# Your code here
df = pd.DataFrame([['A1', 'B1', 0, 3],
['A1', 'B1', 1, 2],
['A2', 'B1', 2, 6],
['A2', 'B1', 3, 9],
['A2', 'B1', 4, 2]
], columns=['A', 'B', 'C', 'D'])
df['B'] = pd.Categorical(df.B)
df.groupby(['A', 'B', 'C']).sum()
I would expect the above code to produce the same shape of (5, 1) as if column B wasn't converted to categorical format. However, this returns a dataframe of (10, 1).

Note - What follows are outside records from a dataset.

Definition regular (x : R) : Prop :=
  (forall y, x * y = 0 -> y = 0) /\ (forall y, y * x = 0 -> y = 0).

Definition mult_closed (S : R -> Prop) : Prop :=
  [/\ S 1, ~ S 0 & forall a b, S a -> S b -> S (a * b)].

Definition left_ore (S : R -> Prop) : Prop :=
  mult_closed S /\
  forall r s, S s -> exists s' r', S s' /\ s' * r = r' * s.

Definition left_denominator (S : R -> Prop) : Prop :=
  left_ore S /\
  forall r s, S s -> r * s = 0 -> exists t, S t /\ t * r = 0.

(* S_0(R): the largest left denominator set contained in C_R, realised as the
   union of all such sets (the paper proves this union is itself one). *)
Definition S0 (x : R) : Prop :=
  exists T : R -> Prop, [/\ left_denominator T, subsetR T regular & T x].

Definition is_left_quotient (S : R -> Prop) (Q : nzRingType)
  (f : {rmorphism R -> Q}) : Prop :=
  [/\ forall s, S s -> exists u : Q, u * f s = 1 /\ f s * u = 1,
      forall q : Q, exists s r, S s /\ f s * q = f r
      & forall r, f r = 0 <-> exists s, S s /\ s * r = 0].

Definition left_ideal (L : R -> Prop) : Prop :=
  [/\ L 0, forall x y, L x -> L y -> L (x + y) & forall r x, L x -> L (r * x)].

Definition two_sided_ideal (I : R -> Prop) : Prop :=
  left_ideal I /\ forall x r, I x -> I (x * r).

Definition nonzero_set (L : R -> Prop) : Prop := exists x, L x /\ x != 0.

Definition finite_left_rank : Prop :=
  ~ exists I : nat -> R -> Prop,
      (forall n, left_ideal (I n) /\ nonzero_set (I n)) /\
      (forall (n : nat) (x : nat -> R),
         (forall i, (i <= n)%N -> I i (x i)) ->
         \sum_(i < n.+1) x i = 0 -> forall i, (i <= n)%N -> x i = 0).

Definition lann (X : R -> Prop) (r : R) : Prop := forall x, X x -> r * x = 0.

Definition acc_left_annihilators : Prop :=
  forall A : nat -> R -> Prop,
    (forall n, exists X, forall r, A n r <-> lann X r) ->
    (forall n, subsetR (A n) (A n.+1)) ->
    exists N, forall n, (N <= n)%N -> subsetR (A n) (A N).

Definition semiprime : Prop :=
  forall I : R -> Prop, two_sided_ideal I ->
    forall n : nat, (forall s : seq R, size s = n.+1 ->
                       (forall x, x \in s -> I x) -> \prod_(x <- s) x = 0) ->
    forall x, I x -> x = 0.

Definition essential (L : R -> Prop) : Prop :=
  left_ideal L /\
  forall J, left_ideal J -> nonzero_set J -> exists x, [/\ L x, J x & x != 0].

Definition semisimple : Prop :=
  forall L, left_ideal L -> exists L', [/\ left_ideal L',
      (forall x, L x -> L' x -> x = 0) & forall r, exists a b, [/\ L a, L' b & r = a + b]].
End RingDefs.
(* Let $P$ be the uniform distribution on $[0,1]$ and $\beta=\{\frac14,\frac12\}$. The conditional optimal set of four-points for $P$ with respect to $\beta$ is $\alpha_4=\{\frac1{12},\frac14,\frac12,\frac56\}$, with $V_4=\frac{5}{768}$ ($\approx0.00651042$).
   Context: For a Borel probability measure $P$ on $\mathbb{R}$ and finite $\beta$ with $\mathrm{card}(\beta)=r$, for $n\ge r$, $V_n=\inf\{\int\min_{a\in\alpha\cup\beta}(x-a)^2dP(x):\mathrm{card}(\alpha)\le n-r\}$; a set $\alpha\cup\beta$ attaining the infimum, with each point of $\beta$ having a Voronoi region of positive $P$-measure, is a conditional optimal set of $n$-points with respect to $\beta$. *)

From HB Require Import structures.
From mathcomp Require Import all_boot all_order all_algebra finmap.
From mathcomp Require Import all_classical all_reals all_analysis.
Set Implicit Arguments. Unset Strict Implicit. Unset Printing Implicit Defensive.
Import Order.TTheory GRing.Theory Num.Theory.
Local Open Scope classical_set_scope.
Local Open Scope ring_scope.
Local Open Scope ereal_scope.

Section CondQuant.
Context (R : realType).

Definition mindist (S : {fset R}) (x : R) : \bar R :=
  \big[Order.min/+oo]_(a <- S) ((x - a) ^+ 2)%:E.

Definition distortion (P : probability (measurableTypeR R) R) (S : {fset R}) : \bar R :=
  \int[P]_x mindist S x.

Definition condV (P : probability (measurableTypeR R) R) (beta : {fset R}) (n : nat) : \bar R :=
  ereal_inf [set distortion P (alpha `|` beta)%fset |
             alpha in [set alpha : {fset R} | (#|` alpha| <= n - #|` beta|)%N]].

Definition voronoi (S : {fset R}) (a : R) : set R :=
  [set x : R | forall b, b \in S -> ((x - a) ^+ 2 <= (x - b) ^+ 2)%R].
Lemma congr_diag m (G : 'M[R]_m) :
  G^T = G -> exists2 T : 'M[R]_m, T \in unitmx &
    forall i j, i != j -> (T *m G *m T^T) i j = 0.
Proof.
elim: m G => [|m IH] G sym; first by exists 1%:M; [exact: unitmx1 | case].
have [G0|nz] := eqVneq G 0.
  by exists 1%:M => [|i j _]; rewrite ?unitmx1 // G0 mulmx0 mul0mx mxE.
have [T1 uT1 piv] := congr_pivot sym nz.
pose G1 : 'M[R]_(1 + m) := T1 *m G *m T1^T.
have sym1 : G1^T = G1 by exact: conj_sym.
have := congr_schur sym1 piv.
set T2 := block_mx _ _ _ _; set C := (_ - _ : 'M_m) => E2.
have symC : C^T = C.
  by have := conj_sym T2 sym1; rewrite E2 tr_block_mx => /eq_block_mx [_ _ _ ->].
have [T3 uT3 D3] := IH C symC.
pose T4 : 'M[R]_(1 + m) := block_mx 1%:M 0 0 T3.
exists (T4 *m T2 *m T1).
  have dT4 : \det T4 = \det T3 by rewrite det_lblock det1 mul1r.
  have dT2 : \det T2 = 1 by rewrite det_lblock !det1 mul1r.
  by rewrite !unitmx_mul uT1 andbT !unitmxE dT4 dT2 unitr1 andbT -unitmxE.
have -> : T4 *m T2 *m T1 *m G *m (T4 *m T2 *m T1)^T = T4 *m (T2 *m G1 *m T2^T) *m T4^T.
  by rewrite /G1 !trmx_mul !mulmxA.
rewrite E2 /T4 tr_block_mx !trmx1 !trmx0 !mulmx_block.
rewrite !(mul1mx, mul0mx, mulmx1, mulmx0, addr0, add0r).
move=> i0 j0; have [i ->] : exists i : 'I_(1 + m), i0 = i by exists i0.
have [j ->] : exists j : 'I_(1 + m), j0 = j by exists j0.
rewrite -(splitK i) -(splitK j).
case: (split i) => i'; case: (split j) => j' /=.
- by rewrite !ord1 eqxx.
- by move=> _; rewrite (@block_mxEur _ 1 m 1 m) mxE.
- by move=> _; rewrite (@block_mxEdl _ 1 m 1 m) mxE.
- move=> ne; rewrite (@block_mxEdr _ 1 m 1 m); apply: D3.
  by apply: contraNneq ne => ->.
Qed.

End CongruenceDiagonalization.

Lemma exists_left_kernel (F : fieldType) p r (K : 'M[F]_(p, r)) :
  (r < p)%N -> exists2 w : 'rV[F]_p, w != 0 & w *m K = 0.
Proof.
move=> rp; have : kermx K != 0.
  rewrite -mxrank_eq0 mxrank_ker subn_eq0 -ltnNge.
  exact: leq_ltn_trans (rank_leq_col K) rp.
by case/rowV0Pn => w; rewrite sub_kermx => /eqP wK wnz; exists w.
Qed.
(* Let $f : 2^V \to \mathbb{Z}_{\ge 0}$ be a connectivity function and $(T,L)$ a branch decomposition of $f$ of width $k$ having $h \ge 1$ edges of width $k$. Let $uv$ be an edge of $T$ with $f(uv)=k$, inducing the bipartition $(W, V\setminus W)$ where $W$ is the set of elements of $V$ mapped to leaves on $u$'s side. If there exists a $W$-improvement, then there exists a $W$-improvement $(C_1,C_2,C_3)$ such that the refinement of $(T,L)$ with $(uv,C_1,C_2,C_3)$ has width at most $k$ and has fewer than $h$ edges of width $k$.
   Context: A connectivity function $f:2^V\to\mathbb{Z}_{\ge0}$ ($V$ finite) satisfies $f(\emptyset)=0$, $f(X)=f(V\setminus X)$, and $f(X\cup Y)+f(X\cap Y)\le f(X)+f(Y)$. A branch decomposition of $f$ is $(T,L)$ with $T$ a tree whose nodes have degree 1 or 3 and $L$ a bijection from $V$ to the leaves of $T$; an edge $e$ of $T$ induces via $T-e$ a bipartition $(X,V\setminus X)$ and has width $f(e)=f(X)$; the width of $(T,L)$ is the maximum edge width. For $W\subseteq V$, a $W$-improvement is a tripartition $(C_1,C_2,C_3)$ of $V$ (pairwise disjoint, possibly empty, union $V$) such that for each $i$: $f(C_i)<f(W)/2$, $f(C_i\cap W)<f(W)$ and $f(C_i\cap (V\setminus W))<f(W)$. A partial branch decomposition is a pair $(T,L)$ with $T$ as before and $L$ an injection from a subset of $V$ into the leaves. The refinement of $(T,L)$ with $(uv,C_1,C_2,C_3)$ is defined as follows: for each $i\in\{1,2,3\}$ take a copy $T_i$ of $T$ with labeling $L$ restricted to $C_i$, let $u_iv_i$ be the copy of $uv$ in $T_i$, and subdivide $u_iv_i$ by a new node $w_i$; take the disjoint union of $T_1,T_2,T_3$ and add a new node $t$ adjacent to $w_1,w_2,w_3$; finally, repeatedly delete degree-1 nodes that are not labeled and suppress degree-2 nodes (a degree-2 node with neighbors $a,b$ is deleted and replaced by the edge $ab$). *)

From mathcomp Require Import all_boot.
Set Implicit Arguments. Unset Strict Implicit. Unset Printing Implicit Defensive.

Definition connectivity_function (V : finType) (f : {set V} -> nat) : Prop :=
  [/\ f set0 = 0%N,
      (forall X, f (~: X) = f X) &
      (forall X Y, f (X :|: Y) + f (X :&: Y) <= f X + f Y)].

Section Graphs.
Variable N : finType.
Implicit Types (E : {set {set N}}) (x y : N).

Definition adj E : rel N := fun x y => [set x; y] \in E.
Definition deg E x : nat := #|[set y | [set x; y] \in E]|.

Definition is_tree E : Prop :=
  [/\ (forall e, e \in E -> #|e| = 2),
      (forall x y, connect (adj E) x y) &
      (forall e a b, e \in E -> e = [set a; b] -> ~~ connect (adj (E :\ e)) a b)].

Variable V : finType.
Implicit Types (L : V -> N) (f : {set V} -> nat).

Definition is_branch_decomp E L : Prop :=
  [/\ is_tree E,
      (forall x, deg E x = 1 \/ deg E x = 3),
      injective L &
      (forall n, deg E n = 1 <-> exists z, L z = n)].

Definition side E L (e : {set N}) (a : N) : {set V} :=
  [set z | connect (adj (E :\ e)) a (L z)].

(* width of an edge e: f of the bipartition induced by T - e
   (both sides give the same value since f is symmetric; we take the max) *)
Definition ewidth f E L (e : {set N}) : nat := \max_(a in e) f (side E L e a).
Definition width f E L : nat := \max_(e in E) ewidth f E L e.
Definition nwide f E L (k : nat) : nat := #|[set e in E | ewidth f E L e == k]|.
End Graphs.

Definition tripartition (V : finType) (C1 C2 C3 : {set V}) : Prop :=
  [/\ [disjoint C1 & C2], [disjoint C1 & C3], [disjoint C2 & C3]
    & C1 :|: C2 :|: C3 = setT].

Definition improvement (V : finType) (f : {set V} -> nat) (W C1 C2 C3 : {set V}) : Prop :=
  tripartition C1 C2 C3 /\
  forall C, C \in [:: C1; C2; C3] ->
    [/\ (f C).*2 < f W, f (C :&: W) < f W & f (C :\: W) < f W].

(* nodes: inl (n, i) = copy of n in T_i ; inr (Some i) = w_i ; inr None = t *)
Definition rnode (N : finType) : finType := (N * 'I_3 + option 'I_3)%type.

Definition i0 : 'I_3 := @Ordinal 3 0 isT.
Definition i1 : 'I_3 := @Ordinal 3 1 isT.
Definition i2 : 'I_3 := @Ordinal 3 2 isT.

Section Refine.
Variables (N V : finType).

Definition rcopy (i : 'I_3) (n : N) : rnode N := inl (n, i).
Definition rw (i : 'I_3) : rnode N := inr (Some i).
Definition rt : rnode N := inr None.

(* disjoint union of the three copies, each copy's uv subdivided by w_i,
   plus t adjacent to w_1, w_2, w_3 *)
Definition refine_edges (E : {set {set N}}) (u v : N) : {set {set rnode N}} :=
  \bigcup_(i : 'I_3)
    ([set rcopy i @: (e : {set N}) | e in E :\ [set u; v]] :|:
     [set [set rcopy i u; rw i]; [set rw i; rcopy i v]; [set rw i; rt]]).

Definition refine_lab (L : V -> N) (C1 C2 : {set V}) (z : V) : rnode N :=
  rcopy (if z \in C1 then i0 else if z \in C2 then i1 else i2) (L z).

(* a graph state: (live nodes, edges) ; lab = set of labeled nodes *)
Definition gstate := ({set rnode N} * {set {set rnode N}})%type.

Inductive red_step (lab : pred (rnode N)) : gstate -> gstate -> Prop :=
| red_delete (x : rnode N) (S : {set rnode N}) E :
    x \in S -> ~~ lab x -> deg E x = 1 ->
    red_step lab (S, E) (S :\ x, [set e in E | x \notin e])
| red_suppress (x a b : rnode N) (S : {set rnode N}) E :
    x \in S -> deg E x = 2 -> a != b -> [set x; a] \in E -> [set x; b] \in E ->
    red_step lab (S, E) (S :\ x, [set e in E | x \notin e] :|: [set [set a; b]]).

This is a serious problem if your data is big and you are grouping by multiple categorical keys. The returning dataframe would grow too big and eventually result in MemoryError.
I am getting this:

However, I expect to get this:

pd.show_versions()commit: None
python: 3.6.5.final.0
python-bits: 64
OS: Linux
OS-release: 3.10.0-327.el7.x86_64
machine: x86_64
processor: x86_64
byteorder: little
LC_ALL: None
LANG: en_IE.UTF-8
LOCALE: en_IE.UTF-8
pandas: 0.20.3
pytest: 3.2.1
pip: 9.0.3
setuptools: 39.0.1
Cython: None
numpy: 1.13.1
scipy: 0.19.1
xarray: None
IPython: 6.1.0
sphinx: None
patsy: 0.5.0
dateutil: 2.6.1
pytz: 2017.2
blosc: None
bottleneck: None
tables: 3.4.2
numexpr: 2.6.2
feather: None
matplotlib: 2.0.2
openpyxl: 2.4.8
xlrd: None
xlwt: None
xlsxwriter: 0.9.8
lxml: None
bs4: None
html5lib: 0.9999999
sqlalchemy: 1.1.13
pymysql: 0.7.9.None
psycopg2: None
jinja2: 2.9.6
s3fs: None
pandas_gbq: None
pandas_datareader: None
@cissy7125 you can simply use this
df.groupby(['A', 'B', 'C']).sum().dropna()
If you have a big dataframe, with several keys, you can easily use up your memory before dropna can be executed. Let's say you have 10 keys, and each has 10 different categories; you will end up 10^10 number of rows.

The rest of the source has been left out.